Aim of the exercise
Your answer consists of the lines in the data that contain "sqri". Copy each of them.

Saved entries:
Lemma ckern_Pgate_HP a d D A u g i x y : Bmat D -> a i 0 = 1 -> d i 0 = 1 ->
  ipow (x i 0) * ckern a (phase 0 0 d D) A u g x y =
  ckern (set_bit a i 0)
    (fun w => phase 0 0 d D w * mipow (w i 0) * mipow (dotv w (col i D)))
    (transv D i *m A) (transv D i *m u)
    (fun s => omega8 * mipow ((transv D i *m s) i 0 + u i 0) * g (transv D i *m s)) x y.
Proof.
move=> BD ai di; have Dii := Bmat_diag i BD.
rewrite !(ckern_split_bit _ _ _ _ _ i) set_bit_set_bit set_bitE eqxx ai eqxx mulr_sumr.
apply: eq_bigr => w _; rewrite mulrCA; congr (_ * _); rewrite !sum_F2 !set_bitE eqxx.
rewrite -(mulmxA (transv D i) A y) -mulmxDr transvK // !dotv_transv.
rewrite (phase_set_bit _ w i 1 BD) di !(dotv_set_bit w i 1) [col i D i 0]mxE Dii !sgnF2D.
have -> : (A *m y) i 0 + u i 0 = (A *m y + u) i 0 by rewrite [RHS]mxE.
move: (x i 0) ((A *m y + u) i 0) (dotv (set_bit w i 0) (col i D)) => X T L.
have sqri := sqrCi algC.
by rewrite /kH /kid /mipow /omega8; case: (F2_cases X) => ->; case: (F2_cases T) => ->;
  case: (F2_cases L) => ->; rewrite /ipow /sgnF2 /=; ring: sqri.
Qed.

Lemma Pgate_mkop_ckern a f A u g i :
  Pgate i *m mkop (fun x y => hnorm n * ckern a f A u g x y) =
  mkop (fun x y => hnorm n * (ipow (x i 0) * ckern a f A u g x y)).
Proof. by rewrite Pgate_diag diag_mkop_mul; apply: eq_mkop => x y; rewrite mulrCA. Qed.

Lemma is_phase_ipow_bit i p : is_phase (fun s : bvec n => ipow (s i 0 + p)).
Proof.
by apply: eq_is_phase (is_phase_ipow_affine (delta_mx i 0) p) => s; rewrite dotv_delta.
Qed.

Lemma Pgate_cliff_noH a f A u g i : A \in unitmx -> is_phase f -> is_phase g ->
  a i 0 = 0 -> has_cliff_form (Pgate i *m mkop (fun x y => hnorm n * ckern a f A u g x y)).
Proof.
move=> unitA phf phg ai; rewrite Pgate_mkop_ckern.
under eq_mkop do rewrite ckern_Pgate_noH //.
apply: has_cliff_form_ckern => //; apply: is_phaseM phf.
by apply: eq_is_phase (is_phase_ipow_bit i 0) => s; rewrite addr0.
Qed.

Lemma Pgate_cliff_H_noP a d D A u g i : Bmat D -> A \in unitmx -> is_phase g ->
  a i 0 = 1 -> d i 0 = 0 ->
  has_cliff_form (Pgate i *m mkop (fun x y => hnorm n * ckern a (phase 0 0 d D) A u g x y)).
Proof.
move=> BD unitA phg ai di; rewrite Pgate_mkop_ckern.
under eq_mkop do rewrite ckern_Pgate_H_noP //.
apply: has_cliff_form_ckern.
- by rewrite unitmx_mul transv_unit ?Bmat_diag.
- apply: is_phaseM (is_phase_phase _ _ _ _) _.
  by apply: eq_is_phase (is_phase_ipow_affine (col i D) 0) => s; rewrite addr0 dotvC.
apply: (is_phase_comp (g := fun s => ipow (s i 0 + u i 0) * g s)).
exact: is_phaseM (is_phase_ipow_bit i (u i 0)) phg.
Qed.

Lemma Pgate_cliff_HP a d D A u g i : Bmat D -> A \in unitmx -> is_phase g ->
  a i 0 = 1 -> d i 0 = 1 ->
  has_cliff_form (Pgate i *m mkop (fun x y => hnorm n * ckern a (phase 0 0 d D) A u g x y)).
Proof.
move=> BD unitA phg ai di; rewrite Pgate_mkop_ckern.
under eq_mkop do rewrite ckern_Pgate_HP //.
apply: has_cliff_form_ckern.
- by rewrite unitmx_mul transv_unit ?Bmat_diag.
- apply: is_phaseM; last first.
    by apply: eq_is_phase (is_phase_mipow_affine (col i D) 0) => s; rewrite addr0 dotvC.
  apply: is_phaseM (is_phase_phase _ _ _ _) _.
  by apply: eq_is_phase (is_phase_mipow_affine (delta_mx i 0) 0) => s; rewrite addr0 dotv_delta.
apply: (is_phase_comp (g := fun s => omega8 * mipow (s i 0 + u i 0) * g s)).
apply: is_phaseM phg.
apply: is_phaseM; first exact: is_phase_omega 1.
by apply: eq_is_phase (is_phase_mipow_affine (delta_mx i 0) (u i 0)) => s; rewrite dotv_delta.
Qed.

End PhaseGateAction.

Unset Implicit Arguments.

Theorem lemma4p2 (n : nat) (a d u v b : bvec n) (D B A : 'M['F_2]_n) (k : int)
    (hD : Bmat D) (hB : Bmat B) (hA : A \in unitmx) (i : 'I_n) :
  has_cliff_form (Pgate i *m cliff_form a d D k u v b B A).
Proof.
have phf := is_phase_phase 0 0 d D; have phg := is_phase_phase k v b B.
rewrite cliff_formE; case: (F2_cases (a i 0)) => ai; first exact: Pgate_cliff_noH.
by case: (F2_cases (d i 0)) => di; [exact: Pgate_cliff_H_noP | exact: Pgate_cliff_HP].
Qed.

Solution
have sqri := sqrCi algC.
  case: (F2_cases L) => ->; rewrite /ipow /sgnF2 /=; ring: sqri.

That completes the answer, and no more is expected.